D-Day was 4/27/2012. It's now been two years. Lot of stuff's changed. Every time something big changes, it feels weird for a while and then over time I get used to it. Almost everything's been for the better.
I still get sad/lonely sometimes. Not as often. I'm much less numb. Some of this stuff probably predates the marriage, to be honest.
Changing my job is a huge step outside of my comfort zone. I am starting to realize that I can confront (irrational) fears and that it's scary and stressful as hell, but I come out of it a better person. I'm sure sometimes confronting fears doesn't turn out well, but for me it overwhelmingly has turned out well.
Not that I'm ready to date yet, but I have realized recently that I am insecure about myself and very scared of being judged/rejection. All irrational. If I ever confront it, it'll be scary as hell, just like everything else, but maybe it'll get easier.

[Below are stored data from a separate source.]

(* Let $n\geq 6$ be an integer. Then $\Delta_D(S_n)^*$ is connected if and only if neither $n$ nor $n-1$ is a prime.
   Context: $S_n$ is the symmetric group. The deep commuting graph $\Delta_D(G)$ has vertex set $G$, distinct vertices adjacent iff their preimages commute in a Schur cover $\tilde G$ of $G$ (a central extension $\{e\}\to M(G)\to\tilde G\to G\to\{e\}$ with kernel contained in $Z(\tilde G)\cap[\tilde G,\tilde G]$, of maximal order; $M(G)$ the Schur multiplier). A vertex is dominant if adjacent to every other vertex; the reduced graph $\Gamma^*$ is the subgraph induced by the non-dominant vertices. *)

From mathcomp Require Import all_boot all_fingroup all_solvable.
Set Implicit Arguments. Unset Strict Implicit. Unset Printing Implicit Defensive.
Local Open Scope group_scope.

Definition stem_extension (gT hT : finGroupType) (G : {group gT})
    (H : {group hT}) (f : {morphism H >-> gT}) : Prop :=
  f @* H = G /\ 'ker f \subset 'Z(H) :&: H^`(1).

Definition schur_cover (gT hT : finGroupType) (G : {group gT})
    (H : {group hT}) (f : {morphism H >-> gT}) : Prop :=
  stem_extension G f /\
  forall (kT : finGroupType) (K : {group kT}) (g : {morphism K >-> gT}),
    stem_extension G g -> #|'ker g| <= #|'ker f|.

(* Deep commuting graph w.r.t. the cover (H, f): distinct x y of G are
   adjacent iff some (equivalently any) preimages commute in H. *)
Definition deep_adj (gT hT : finGroupType) (H : {group hT})
    (f : {morphism H >-> gT}) (x y : gT) : bool :=
  (x != y) &&
  [exists x' : hT, exists y' : hT,
     [&& x' \in H, y' \in H, f x' == x, f y' == y & x' * y' == y' * x']].

Definition deep_dominant (gT hT : finGroupType) (G : {group gT})
    (H : {group hT}) (f : {morphism H >-> gT}) (x : gT) : bool :=
  (x \in G) && [forall y in G, (y != x) ==> deep_adj f x y].

Definition reduced_edge (gT hT : finGroupType) (G : {group gT})
    (H : {group hT}) (f : {morphism H >-> gT}) : rel gT :=
  fun x y =>
    [&& x \in G, ~~ deep_dominant G f x, y \in G, ~~ deep_dominant G f y
      & deep_adj f x y].

Definition reduced_deep_connected (gT hT : finGroupType) (G : {group gT})
    (H : {group hT}) (f : {morphism H >-> gT}) : Prop :=
  forall x y, x \in G -> ~~ deep_dominant G f x ->
              y \in G -> ~~ deep_dominant G f y ->
              connect (reduced_edge G f) x y.

From mathcomp Require Import all_boot all_fingroup all_solvable.
From mathcomp Require Import zify.
Set Implicit Arguments. Unset Strict Implicit. Unset Printing Implicit Defensive.

(* Deeply adjacent elements commute, and two elements of a common cyclic
   subgroup are deeply adjacent, because powers of a preimage of w are
   preimages of the powers of w; hence commuting elements of coprime orders
   are linked through their product. As Z(S_n) = 1, the non-dominant vertices are the non-identity
   permutations.
   If p = n or p = n - 1 is prime, an element of order p is a p-cycle whose
   centraliser is the group it generates, so the elements of exponent p form
   a union of components containing no transposition.
   Otherwise n >= 9, and every non-identity permutation is linked, through a
   power of prime order, to a transposition: an element of odd prime order
   either fixes two points or has two cycles and commutes with the involution
   exchanging them, and an involution commutes with an element of order 3
   fixing two points. Transpositions are linked to each other through a
   3-cycle on three further points. *)

Local Open Scope group_scope.

Section DeepCommutingGraph.

Variables (gT hT : finGroupType) (G : {group gT}) (H : {group hT}).
Variable f : {morphism H >-> gT}.

Lemma deep_adj_sym x y : deep_adj f x y = deep_adj f y x.
Proof.
rewrite /deep_adj eq_sym; congr (_ && _).
by apply/existsP/existsP => -[x' /existsP[y' /and5P[x'H y'H fx' fy' cx'y']]];
  exists y'; apply/existsP; exists x'; rewrite x'H y'H fx' fy' eq_sym.
Qed.

Lemma deep_adj_commute x y : deep_adj f x y -> commute x y.
Proof.
case/andP=> _ /existsP[x' /existsP[y' /and5P[x'H y'H /eqP<- /eqP<- /eqP c']]].
by rewrite /commute -!morphM // c'.
Qed.

Lemma reduced_edge_sym : symmetric (reduced_edge G f).
Proof.
by move=> x y; rewrite /reduced_edge deep_adj_sym;
  apply/and5P/and5P => -[? ? ? ? ?]; split.
Qed.

Lemma reduced_connect_sym : connect_sym (reduced_edge G f).
Proof. exact: sym_connect_sym reduced_edge_sym. Qed.

Lemma deep_dominant_center x : deep_dominant G f x -> x \in 'Z(G).
Proof.
case/andP=> xG /forallP dominant; rewrite inE xG; apply/centP => y yG.
have [-> // | yx] := eqVneq y x.
by apply: deep_adj_commute; move/implyP: (dominant y) => /(_ yG)/implyP; apply.
Qed.

Lemma nontrivial_nondominant x :
  'Z(G) = 1 -> x != 1 -> ~~ deep_dominant G f x.
Proof.
by move=> ZG1; apply: contra => /deep_dominant_center; rewrite ZG1 inE.
Qed.

Hypothesis fHG : f @* H = G.

Lemma deep_adj_cycle x w : w \in G -> x \in <[w]> -> x != w -> deep_adj f x w.
Proof.
rewrite -fHG => /morphimP[w' _ w'H ->] /cycleP[i ->] xw; rewrite /deep_adj xw.
apply/existsP; exists (w' ^+ i); apply/existsP; exists w'.
by rewrite groupX // w'H morphX // !eqxx; apply/eqP/commute_sym/commuteX.
Qed.

Lemma deep_dominant1 : deep_dominant G f 1.
Proof.
apply/andP; split=> //; apply/forallP => y; apply/implyP => yG.
by apply/implyP => y1; rewrite deep_adj_cycle // ?group1 // eq_sym.
Qed.

Lemma reduced_connect_expg p x y :
    prime p -> {in G, forall v, #[v] = p -> 'C_G[v] \subset <[v]>} ->
  x ^+ p = 1 -> connect (reduced_edge G f) x y -> y ^+ p = 1.
Proof.
move=> p_pr centG xp xy.
have closed_p : closed (reduced_edge G f) [pred v | v ^+ p == 1].
  apply: (intro_closed reduced_connect_sym) => v w /and5P[vG v_nd wG _ vw].
  rewrite !inE => /eqP vp.
  have ov : #[v] = p.
    have v1 : #[v] != 1%N.
      by rewrite order_eq1; apply: contraNneq v_nd => ->; apply: deep_dominant1.
    by apply/(prime_nt_dvdP p_pr v1); rewrite order_dvdn vp.
  have : w \in <[v]>.
    apply: (subsetP (centG v vG ov)); rewrite inE wG.
    by apply/cent1P/esym/deep_adj_commute.
  by case/cycleP=> i ->; rewrite -expgM mulnC expgM vp expg1n.
by have := closed_connect closed_p xy; rewrite !inE xp eqxx => /esym/eqP.
Qed.

Hypothesis ZG1 : 'Z(G) = 1.

Local Notation linked := (connect (reduced_edge G f)).

Lemma linked_cycle x w : w \in G -> x != 1 -> x \in <[w]> -> linked x w.
Proof.
move=> wG x1 xw; have [-> // | x_neq_w] := eqVneq x w.
have w1 : w != 1 by apply: contraNneq x1 => w1; move: xw; rewrite w1 cycle1 inE.
have xG : x \in G by apply: subsetP xw; rewrite cycle_subG.
apply: connect1; apply/and5P; split; rewrite ?nontrivial_nondominant //.
exact: deep_adj_cycle.
Qed.

Lemma linked_coprime x y : x \in G -> y \in G -> x != 1 -> y != 1 ->
  commute x y -> coprime #[x] #[y] -> linked x y.
Proof.
move=> xG yG x1 y1 cxy co_xy; have xyG : x * y \in G by rewrite groupM.
have x_xy : x \in <[x * y]>.
  by rewrite (subsetP (cycleMsub cxy co_xy)) ?cycle_id.
have y_xy : y \in <[x * y]>.
  rewrite cxy (subsetP (cycleMsub (commute_sym cxy) _)) ?cycle_id //.
  by rewrite coprime_sym.
apply: connect_trans (linked_cycle xyG x1 x_xy) _.
by rewrite reduced_connect_sym linked_cycle.
Qed.

End DeepCommutingGraph.

Lemma coprime_dvd2_odd m k : m %| 2 -> odd k -> coprime m k.
Proof. by move=> m2 k_odd; rewrite (coprime_dvdl m2) ?coprime2n. Qed.

Lemma involution_uniq_cons (T : eqType) (z : T -> T) A a :
    involutive z -> uniq (A ++ map z A) -> a \notin A ++ map z A -> z a != a ->
  uniq ((a :: A) ++ map z (a :: A)).
Proof.
move=> zK uA aA za; rewrite cat_cons cons_uniq /= -cat1s uniq_catCA cat1s.
have za_notin : z a \notin A ++ map z A.
  rewrite mem_cat negb_or (mem_map (can_inj zK)); apply/andP; split.
    by apply: contra aA => zaA; rewrite mem_cat -[a]zK map_f ?orbT.
  by apply: contra aA; rewrite mem_cat => ->.
move: aA; rewrite cons_uniq za_notin uA !mem_cat inE !negb_or andbT eq_sym za.
by case/andP=> -> ->.
Qed.

Section Permutations.

Variable T : finType.
Implicit Types (s z : {perm T}) (a b c d : T) (l : seq T).

Lemma card_notin_seq l : #|T| <= #|[set x | x \notin l]| + size l.
Proof.
rewrite -(cardsC [set x | x \notin l]) leq_add2l.
by apply: leq_trans (card_size l); apply: subset_leq_card; apply/subsetP => x;
  rewrite !inE negbK.
Qed.

Lemma fresh_point l : size l < #|T| -> exists c, c \notin l.
Proof.
move=> lT; have /card_gt0P[c] : 0 < #|[set x | x \notin l]|.
  by rewrite -(leq_add2r (size l)); apply: leq_trans lT (card_notin_seq l).
by rewrite inE; exists c.
Qed.

Lemma fresh_pair l : (size l).+2 <= #|T| ->
  exists u v : T, [/\ u \notin l, v \notin l & u != v].
Proof.
move=> lT; have : 1 < #|[set x | x \notin l]|.
  by rewrite -(leq_add2r (size l)); apply: leq_trans lT (card_notin_seq l).
by case/card_gt1P=> u [v]; rewrite !inE; exists u, v.
Qed.

Lemma fresh_triple l : (size l).+3 <= #|T| ->
  exists u v w : T, [/\ u \notin l, v \notin l & w \notin l] /\
                [/\ u != v, v != w & w != u].
Proof.
move=> lT; have : 2 < #|[set x | x \notin l]|.
  by rewrite -(leq_add2r (size l)); apply: leq_trans lT (card_notin_seq l).
by case/card_gt2P=> u [v [w]]; rewrite !inE; exists u, v, w.
Qed.

Lemma exists_moved_notin s l : #|[set x | s x == x]| + size l < #|T| ->
  exists2 a, a \notin l & s a != a.
Proof.
move=> lT; apply/exists_inP; apply: contraLR lT => /exists_inPn fixed.
rewrite -leqNgt; apply: leq_trans (card_notin_seq l) _; rewrite leq_add2r.
by apply: subset_leq_card; apply/subsetP => x; rewrite !inE => /fixed /negbNE.
Qed.

Lemma exists_moved s : s != 1 -> exists a, s a != a.
Proof.
move=> s1; apply/existsP; apply: contraNT s1 => /existsPn fixed.
by apply/eqP/permP => a; rewrite perm1; apply/eqP/negbNE.
Qed.

Lemma perm_involutive z : #[z] %| 2 -> involutive z.
Proof. by rewrite order_dvdn => /eqP z2 x; rewrite -permM -expg2 z2 perm1. Qed.

Lemma involution_pairs z k :
    #[z] %| 2 -> #|[set x | z x == x]| + k.*2 < #|T| ->
  exists A, size A = k.+1 /\ uniq (A ++ map z A).
Proof.
move/perm_involutive=> zK; elim: k => [|k IHk] zT.
  have [a _ za] := @exists_moved_notin z [::] zT.
  by exists [:: a]; rewrite /= inE eq_sym za.
have [A [sizeA uA]] : exists A, size A = k.+1 /\ uniq (A ++ map z A).
  by apply: IHk; apply: leq_ltn_trans zT; rewrite leq_add2l leq_double.
have [|a aA za] := @exists_moved_notin z (A ++ map z A).
  by rewrite size_cat size_map sizeA addnn.
by exists (a :: A); split; [rewrite /= sizeA | apply: involution_uniq_cons].
Qed.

So many things in my life I avoid out of either fear or discomfort. I'm used to spending time in survival mode, conserving my energy, prioritizing. Being chronically short on sleep. Being chronically poor (until about four years ago).
I don't know if it's in my true nature to be cautious or if that's just an adaptation to all the bad things that I've gone through and that some day I will be spontaneous. I don't really care how I end up as long as it's true to myself. I can deal with cautious/planned or spontaneous, whichever works better for me.
I don't like scared or lonely. Those things are soul crushing.